Honestly, these issues of culture and race and religion, though important, do not hold a personal interest for me. What I think more about is the issue of self-labelling, of self actualization I guess. Who are we? How do we view ourselves? When I questioned whether I was disabled it was because I don't see myself that way but do others. And if so, does this exterior viewpoint alter my own personal reality. The woman who came here as a child from the West Indies may never have thought of herself as black until she was surrounded by white people, then it became an issue.

The TD Bank are running a couple of TV spots that have me thinking. The ads feature a couple of old timers, sitting outside the bank, bemoaning the fact that everything has become too convenient and how banks never catered to our needs before; whatever. What interests me about these ads is the background. There are a couple versions of the spot and in each of them, as the old dudes are bitching, we see a woman in a wheelchair whizzing by. Different woman in each ad. What I found interesting was, when we see a close up of the bank, there is no ramp ... there is clearly a steep concrete step. So now we know why the women are zipping past the bank .. they can't get inside it.

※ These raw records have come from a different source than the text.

(* Let $G$ be a finite group with $G=\langle x,y\rangle$, where $x$ has order $4$, $y$ has order at least $5$, and $xy$ has order at least $3$. Then $\mathrm{Cay}(G,\{x,y\})$ is an oriented regular representation (ORR) of $G$, unless $y$ has order $12$, $x=y^9$, and $G\cong\mathbb{Z}_{12}$.
   Context: For a group $G$ and $S\subseteq G$, the Cayley digraph $\mathrm{Cay}(G,S)$ has vertex set $G$, and $(u,v)$ is an arc whenever $vu^{-1}\in S$. Its automorphism group consists of the permutations of $G$ preserving the arc set, and always contains the right regular representation of $G$. $\mathrm{Cay}(G,S)$ is an oriented regular representation (ORR) if its automorphism group equals the right regular representation of $G$ and it is a proper digraph, i.e. $(u,v)$ being an arc implies $(v,u)$ is not an arc (equivalently $S\cap S^{-1}=\emptyset$). *)

From mathcomp Require Import all_boot all_fingroup all_algebra.
Set Implicit Arguments. Unset Strict Implicit. Unset Printing Implicit Defensive.
Import GroupScope.
Local Open Scope group_scope.

Definition cay_arc (gT : finGroupType) (S : {set gT}) (u v : gT) : bool :=
  v * u^-1 \in S.

Definition cay_aut (gT : finGroupType) (G : {group gT}) (S : {set gT})
    (f : gT -> gT) : Prop :=
  [/\ {in G &, injective f}, f @: G = G &
      {in G &, forall u v, cay_arc S (f u) (f v) = cay_arc S u v}].

(* Cay(G,S) is an ORR: proper digraph (S and S^-1 disjoint) and every
   automorphism is a right translation u |-> u * g with g \in G. *)
Definition is_ORR (gT : finGroupType) (G : {group gT}) (S : {set gT}) : Prop :=
  [disjoint S & S^-1] /\
  (forall f : gT -> gT, cay_aut G S f ->
     exists2 g, g \in G & {in G, forall u, f u = u * g}).

From mathcomp Require Import all_boot all_fingroup all_algebra.
From mathcomp Require Import all_solvable.
Local Open Scope group_scope.

(* An automorphism f of Cay(G, {x, y}) maps each arc u -> s u to an arc
   f u -> t (f u), t in {x, y}.  If f u = u g, the x-arc at u lies on the
   directed 4-cycle u, x u, x^2 u, x^3 u, so it cannot be sent to the y-arc:
   that would produce a relation t3 t2 t1 y = 1 with t_i in {x, y}, and the
   order hypotheses leave only x y^3 = 1, which forces the exceptional case.
   Hence f (x u) = x u g, and then injectivity forces f (y u) = y u g.
   Since x and y generate G, f is the right translation by f 1. *)

Section GroupFacts.
Variable gT : finGroupType.
Implicit Types (a b : gT) (A H : {set gT}).

Lemma mulg_eq1C a b : (a * b == 1) = (b * a == 1).
Proof. by rewrite -(conjg_eq1 _ a) conjgE -mulgA mulKg. Qed.

Lemma expg_neq1 a n : 0 < n -> n < #[a] -> a ^+ n != 1.
Proof.
move=> n_gt0 lt_n_a; rewrite -order_dvdn.
by apply: contraTN lt_n_a => /(dvdn_leq n_gt0); rewrite leqNgt.
Qed.

Lemma gen_subset_lmul_closed A H :
  1 \in H -> (forall a h, a \in A -> h \in H -> a * h \in H) -> <<A>> \subset H.
Proof.
move=> H1 mulAH; apply/subsetP => _ /gen_prodgP [n [c cA ->]].
elim: n c cA => [|n IHn] c cA; first by rewrite big_ord0.
by rewrite big_ord_recl; apply: mulAH => //; apply: IHn.
Qed.

Lemma rtrans_from_generators (G : {group gT}) A (f : gT -> gT) :
  G :=: <<A>> ->
  (forall u a g, u \in G -> a \in A -> f u = u * g -> f (a * u) = a * u * g) ->
  {in G, forall u, f u = u * f 1}.
Proof.
move=> GA fA.
have: <<A>> \subset [set v in G | f v == v * f 1].
  apply: gen_subset_lmul_closed => [|a v aA].
    by rewrite inE group1 mul1g eqxx.
  rewrite !inE => /andP [vG /eqP fv].
  have aG : a \in G by rewrite GA mem_gen.
  by rewrite groupM //=; apply/eqP; apply: fA.
by move=> GAsub u; rewrite GA => /(subsetP GAsub); rewrite inE => /andP [_ /eqP].
Qed.

Lemma disjoint_set2_inv a b :
  a ^+ 2 != 1 -> b ^+ 2 != 1 -> a * b != 1 ->
  [disjoint [set a; b] & [set a; b]^-1].
Proof.
rewrite !expgS !expg0 !mulg1 => /negbTE a2 /negbTE b2 /negbTE ab.
apply/pred0P => z; rewrite !inE /=; apply/negbTE/negP.
by case/andP => /orP [] /eqP -> /orP [];
  rewrite eq_invg_mul ?a2 ?b2 ?ab // mulg_eq1C ab.
Qed.

End GroupFacts.

Section CayleyAutomorphism.
Context {gT : finGroupType} {G : {group gT}} {S : {set gT}} {f : gT -> gT}.
Hypotheses (sSG : S \subset G) (autf : cay_aut G S f).

Lemma cay_aut_mem {u} : u \in G -> f u \in G.
Proof. by case: autf => _ fG _ uG; rewrite -fG imset_f. Qed.

Lemma cay_aut_arc {u s} :
  u \in G -> s \in S -> exists2 t, t \in S & f (s * u) = t * f u.
Proof.
case: autf => _ _ farc uG sS; have sG := subsetP sSG s sS.
exists (f (s * u) * (f u)^-1); last by rewrite mulgVK.
by have := farc u (s * u) uG (groupM sG uG); rewrite /cay_arc mulgK sS.
Qed.

End CayleyAutomorphism.

Section OrderFourGenerator.
Variables (gT : finGroupType) (x y : gT).
Hypotheses (ox : #[x] = 4) (oy : 4 < #[y]) (oxy : 2 < #[x * y]).
Hypothesis xy3 : x * y ^+ 3 != 1.

Lemma expx4 : x ^+ 4 = 1.
Proof. by rewrite -ox expg_order. Qed.

Lemma cay_set2_proper : [disjoint [set x; y] & [set x; y]^-1].
Proof.
apply: disjoint_set2_inv; rewrite ?expg_neq1 ?ox ?(ltn_trans _ oy) //.
by rewrite -order_eq1; apply: contraTneq oxy => ->.
Qed.

Lemma closed_4walk_not_via_y {t1 t2 t3} :
  t1 \in [set x; y] -> t2 \in [set x; y] -> t3 \in [set x; y] ->
  t3 * (t2 * (t1 * y)) != 1.
Proof.
have y4 : y ^+ 4 != 1 by exact: expg_neq1.
have xy2 : (x * y) ^+ 2 != 1 by exact: expg_neq1.
have x3y : x ^+ 3 * y != 1.
  rewrite -expx4 (expgSr x 3) (inj_eq (mulgI _)).
  by apply: contraTneq oy => ->; rewrite ox.
have x2y2 : x ^+ 2 * y ^+ 2 != 1.
  apply: contra y4 => /eqP/mulg1_eq y2.
  by rewrite (expgM y 2 2) -y2 expgVn -expgM expx4 invg1.
move: xy3 y4 xy2 x3y x2y2; rewrite !expgS !expg0 !mulg1 !mulgA => ? ? ? ? ?.
(* Up to rotation, each of the eight words is one of the five excluded above. *)
move=> /set2P [] -> /set2P [] -> /set2P [] ->;
  by do 3![done | rewrite mulg_eq1C !mulgA].
Qed.

Section Automorphism.
Variables (G : {group gT}) (f : gT -> gT).
Hypotheses (GE : G :=: <<[set x; y]>>) (autf : cay_aut G [set x; y] f).

Let sSG : [set x; y] \subset G. Proof. by rewrite GE sub_gen. Qed.
Let xG : x \in G. Proof. by rewrite (subsetP sSG) ?set21. Qed.
Let yG : y \in G. Proof. by rewrite (subsetP sSG) ?set22. Qed.

Lemma cay_set2_aut_rtrans_x {u g} :
  u \in G -> f u = u * g -> f (x * u) = x * u * g.
Proof.
move=> uG fu; have xS := set21 x y.
have [_ /set2P [-> -> | -> fxu]] := cay_aut_arc sSG autf uG xS.
  by rewrite fu mulgA.
have xuG v : v \in G -> x * v \in G by exact: groupM.
have [t2 t2S e2] := cay_aut_arc sSG autf (xuG _ uG) xS.
have [t3 t3S e3] := cay_aut_arc sSG autf (xuG _ (xuG _ uG)) xS.
have [t4 t4S e4] := cay_aut_arc sSG autf (xuG _ (xuG _ (xuG _ uG))) xS.
have x4u : x * (x * (x * (x * u))) = u.
  by rewrite -[u in RHS]mul1g -expx4 !expgS expg0 mulg1 !mulgA.
rewrite x4u e3 e2 fxu in e4.
have /eqP[] := closed_4walk_not_via_y t2S t3S t4S.
by apply: (mulIg (f u)); rewrite mul1g -!mulgA -e4.
Qed.

Lemma cay_set2_aut_rtrans_y {u g} :
  u \in G -> f u = u * g -> f (y * u) = y * u * g.
Proof.
move=> uG fu; have [_ /set2P [] -> fyu] := cay_aut_arc sSG autf uG (set22 x y).
  have: f (y * u) = f (x * u).
    by rewrite fyu (cay_set2_aut_rtrans_x uG fu) fu mulgA.
  case: autf => finj _ _ /(finj _ _ (groupM yG uG) (groupM xG uG)) /mulIg yx.
  by move: oy; rewrite yx ox.
by rewrite fyu fu mulgA.
Qed.

Lemma cay_set2_aut_rtrans : exists2 g, g \in G & {in G, forall u, f u = u * g}.
Proof.
exists (f 1); first exact: (cay_aut_mem autf (group1 G)).
apply: rtrans_from_generators GE _ => u s g uG /set2P [] ->.
  exact: cay_set2_aut_rtrans_x.
exact: cay_set2_aut_rtrans_y.
Qed.

End Automorphism.

Lemma cay_set2_ORR (G : {group gT}) : G :=: <<[set x; y]>> -> is_ORR G [set x; y].
Proof.
move=> GE; split; first exact: cay_set2_proper.
by move=> f autf; exact: cay_set2_aut_rtrans.
Qed.

End OrderFourGenerator.

Lemma divn_gcd3_eq4 n : 4 < n -> n %/ gcdn n 3 = 4 -> n = 12.
Proof.
move=> n_gt4 eq4; have n_eq := divnK (dvdn_gcdl n 3); rewrite eq4 in n_eq.
have /primeP [_ /(_ _ (dvdn_gcdr n 3)) /orP [] /eqP g3] : prime 3 by [].
  by rewrite g3 in n_eq; rewrite -n_eq in n_gt4.
by rewrite -n_eq g3.
Qed.

Lemma cube_inverse_generator_Zp12
    {gT : finGroupType} {G : {group gT}} {x y : gT} :
  G :=: <<[set x; y]>> -> #[x] = 4 -> 4 < #[y] -> x * y ^+ 3 = 1 ->
  [/\ #[y] = 12, x = y ^+ 9 & G \isog Zp 12].
Proof.
move=> GE ox oy xy3; have y3 := mulg1_eq xy3.
have oy12 : #[y] = 12.
  by apply: divn_gcd3_eq4 => //; rewrite -orderXgcd -y3 orderV.
have x9 : x = y ^+ 9.
  apply: (mulIg (y ^+ 3)); rewrite xy3 -expgD.
  by apply/esym/eqP; rewrite -order_dvdn oy12.
have Gy : G :=: <[y]>.
  apply/eqP; rewrite eqEsubset GE gen_subG cycle_subG mem_gen ?set22 // andbT.
  by apply/subsetP => z /set2P [] ->; rewrite ?x9 ?mem_cycle ?cycle_id.
by split => //; rewrite Gy isog_sym -oy12 Zp_isog.
Qed.

Theorem lemma2p5 (gT : finGroupType) (G : {group gT}) (x y : gT) :
  G :=: <<[set x; y]>> ->
  #[x] = 4%N -> (5 <= #[y])%N -> (3 <= #[x * y])%N ->
  ~ [/\ #[y] = 12%N, x = y ^+ 9 & G \isog Zp 12] ->
  is_ORR G [set x; y].
Proof.
move=> GE ox oy oxy not_Zp12.
have xy3 : x * y ^+ 3 != 1.
  by apply/eqP => /(cube_inverse_generator_Zp12 GE ox oy).
exact: cay_set2_ORR.
Qed.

So, the woman in the wheelchair may want to label herself as "just a woman" but every time she hits that stair or that tiny bathroom, she is given back the label of "woman in a wheelchair" or "disabled". The black kid in school may want to be "the kid in school" but then he is given the label of "Afro Canadian" or "student of the black school" and he becomes something else.

I am a guy, into my fifth decade, married for 25 years, owner of my own tiny business, never in any serious trouble with the law ... but I have long hair, a beard, ear ring and a tattoo. I really don't think much about these attributes. I've had the hair most of my life (think about the name of the blog, let the light bulb come on [I have a hairy dog too]) and the ear ring and tatt have been around for a while too. And it surprises me when they get a reaction, both from individuals and institutions. I had a problem with my bank card a few years back, it got eaten by the machine or something so I went to a local branch of the Royal Bank up in Vaughn where I was working at the time. It was summer, edit suites are hot, so I was wearing shorts and a tank top and the people at that branch were treating me as if they had just seen me on America's Most Wanted. I have been a customer of the Royal Bank for over 30 years, I've paid off two student loans with them but because of my physical appearance I was given a label: Scruffy Dude Not To Be Trusted. Now, I often describe myself as an old hippie, but I never associated that label with something negative; my label conflicted with their badge.

To be human is to have an identity. As we go on, that identity morphs, evolves, changes. Very often there is a conflict between our own sense of identity, and the labels that others places upon us. It gets tricky when you are trying to figure out who you are, you may want a label, to sort of fix it in your own mind; but our inner monologues may be written in a language that others cannot easily read. So our label is misinterpreted and when we look down and see all the various labels we wear we often see a bunch we never put there ourselves. That is our challenge, identifying the labels, no matter from whence they came, polishing them, changing them, positioning them so the "right" ones are more prominently displayed.

For me, what I coming to see, is that what we really need is some readily available blank labels, placed high, for all to see. Have your pen handy, to scribble in the definition that suits you at the moment but understand that others have access to your labels as well; so carry a spare Sharpie and don't be afraid to lend it out. Let them scribble, read their label, try to understand what it means.

Just make sure yours is written in a bolder hand.